BOSTON — Jackie cocks her head to one side, trying to recall the first clue that her daughter Natalie wanted to try life as a boy.

"I found something on my Amazon account," Jackie says. "She had used my Amazon account to buy a binder, so I thought it was a binder for school.”

Jackie giggles as she remembers mentioning the bill to Nate.

Nate Piracini at his home in Boston. (Jesse Costa/WBUR)
Nate at his home in Boston. (Jesse Costa/WBUR)

"'Oh, you should tell me,' " Jackie says she told Nate. "'I go to Staples all the time. I’ll get you some binders.' "

Nate muttered something about it being a different kind of binder.

Then Jackie noticed the charge: $39.95. The product link opened to a picture of a female wearing a thick elastic band that made her chest nearly flat. Breast binders are a common early step for females transitioning to male, but they come with health risks.

Dr. Ralph Vetters, who treats transgender teens at the Sidney Borum Jr. Health Center in Boston, says binders make breathing more difficult, increase the risk for lung infections and, "by compressing the breasts, they can cause a sort of fibrosis. Scars may be a word for it. It hurts."

The alternative for transgender men — females transitioning to male — is surgery that pulls tissue out of the breast. The procedure costs $5,000 to $10,000 and is only covered by a handful of employers in Massachusetts. (Harvard University, where both of Nate's parents work, covers transgender medical procedures.)

Teenagers need a parent’s permission for surgery and any other transgender medical treatment before the age of 18. Some doctors refuse to help patients of any age make such a fundamental change. Leonard Glantz, who teaches bioethics at the Boston University School of Public Health, says the main concern is surgery that removes a healthy penis, ovaries or breasts.

"Is it surgery to fix a medical condition?" Glantz says, explaining the dilemma for many physicians. "Is it some form of cosmetic surgery, or is it mutilation?"

The Catholic Church comes down on the side of mutilation. John Haas, president of the National Catholic Bioethics Center, says the church hopes that all children will flourish in the image of God as created at birth.

"If they are surgically mutilated," Haas says, "that clearly would violate their best interests and it probably would not be in the best emotional health to be dressing up as the opposite gender and acting out in that way."
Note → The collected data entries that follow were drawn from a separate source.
Lemma sum_two_irreducible t : t < k -> exists m s1 s2 (a c : 'I_m),
  [/\ sample (boundary t) (boundary t.+1) m s1, sample (boundary t) (boundary t.+1) m s2,
      irreducible_seq sum_edge s1, irreducible_seq sum_edge s2 &
      sum_edge (nth 0 s1 a) (nth 0 s1 c) != sum_edge (nth 0 s2 a) (nth 0 s2 c)].
Proof.
move=> t_lt; have [m [H1 [H2 [neqH H1_in H2_in irr1 irr2]]]] := Hirr (Ordinal t_lt).
have [s1 sample1 e1] := induced_sample H1_in; have [s2 sample2 e2] := induced_sample H2_in.
have /existsP[[a c] neq_ac] : [exists p, (p \in H1) != (p \in H2)].
  apply: contraR neqH => /existsPn same; apply/eqP/setP => p; apply/eqP; exact/negPn/same.
have /and3P[_ /eqP size1 _] := sample1; have /and3P[_ /eqP size2 _] := sample2.
exists m, s1, s2, a, c; split => //; rewrite ?e1 ?e2 //.
- exact: irreducible_seq_induced e1 irr1.
- exact: irreducible_seq_induced e2 irr2.
Qed.

End BlockSum.

Theorem lemma17 (k : nat) (ns : 'I_k -> nat)
  (Gs : forall i : 'I_k, ograph (ns i))
  (Hwf : forall i : 'I_k, wf_ograph (Gs i))
  (Hirr : forall i : 'I_k, exists m : nat, exists H1 H2 : ograph m,
      [/\ H1 != H2, H1 \in induced_subgraphs (Gs i) m,
          H2 \in induced_subgraphs (Gs i) m,
          irreducible H1 & irreducible H2]) :
  forall n : nat, (n <= k)%N -> (2 ^ (n - 1) <= S n (gsum Gs))%N.
Proof.
move=> n n_le_k; apply: leq_trans (subset_leq_card (sample_patterns_induced Gs n)).
have := tail_patterns_card (n := n) (boundary_homo ns) (sum_edge_local (Gs := Gs))
          (sum_two_irreducible Hirr) (t := 0).
by rewrite boundary0 boundary_size subn0 subn1; apply.
Qed.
Not all objections are based on religion. Physicians are trained, Glantz says, to remove diseased tissue such as lesions and tumors. "That's the moral question," he says. "Does one remove normal tissue in order to change the body that someone was born with and create a new body that is supposed to be more in line with their actual sex?"

For parents, these questions have additional complications. Some procedures — such as top surgery to remove or build out the breasts — are reversible, so parents may feel more comfortable beginning the medical journey there. But many of the effects of hormone therapy can't be reversed. Nate, who began his transition two years ago, has not had any surgery but he has asked to begin taking testosterone. So far, his parents have said no.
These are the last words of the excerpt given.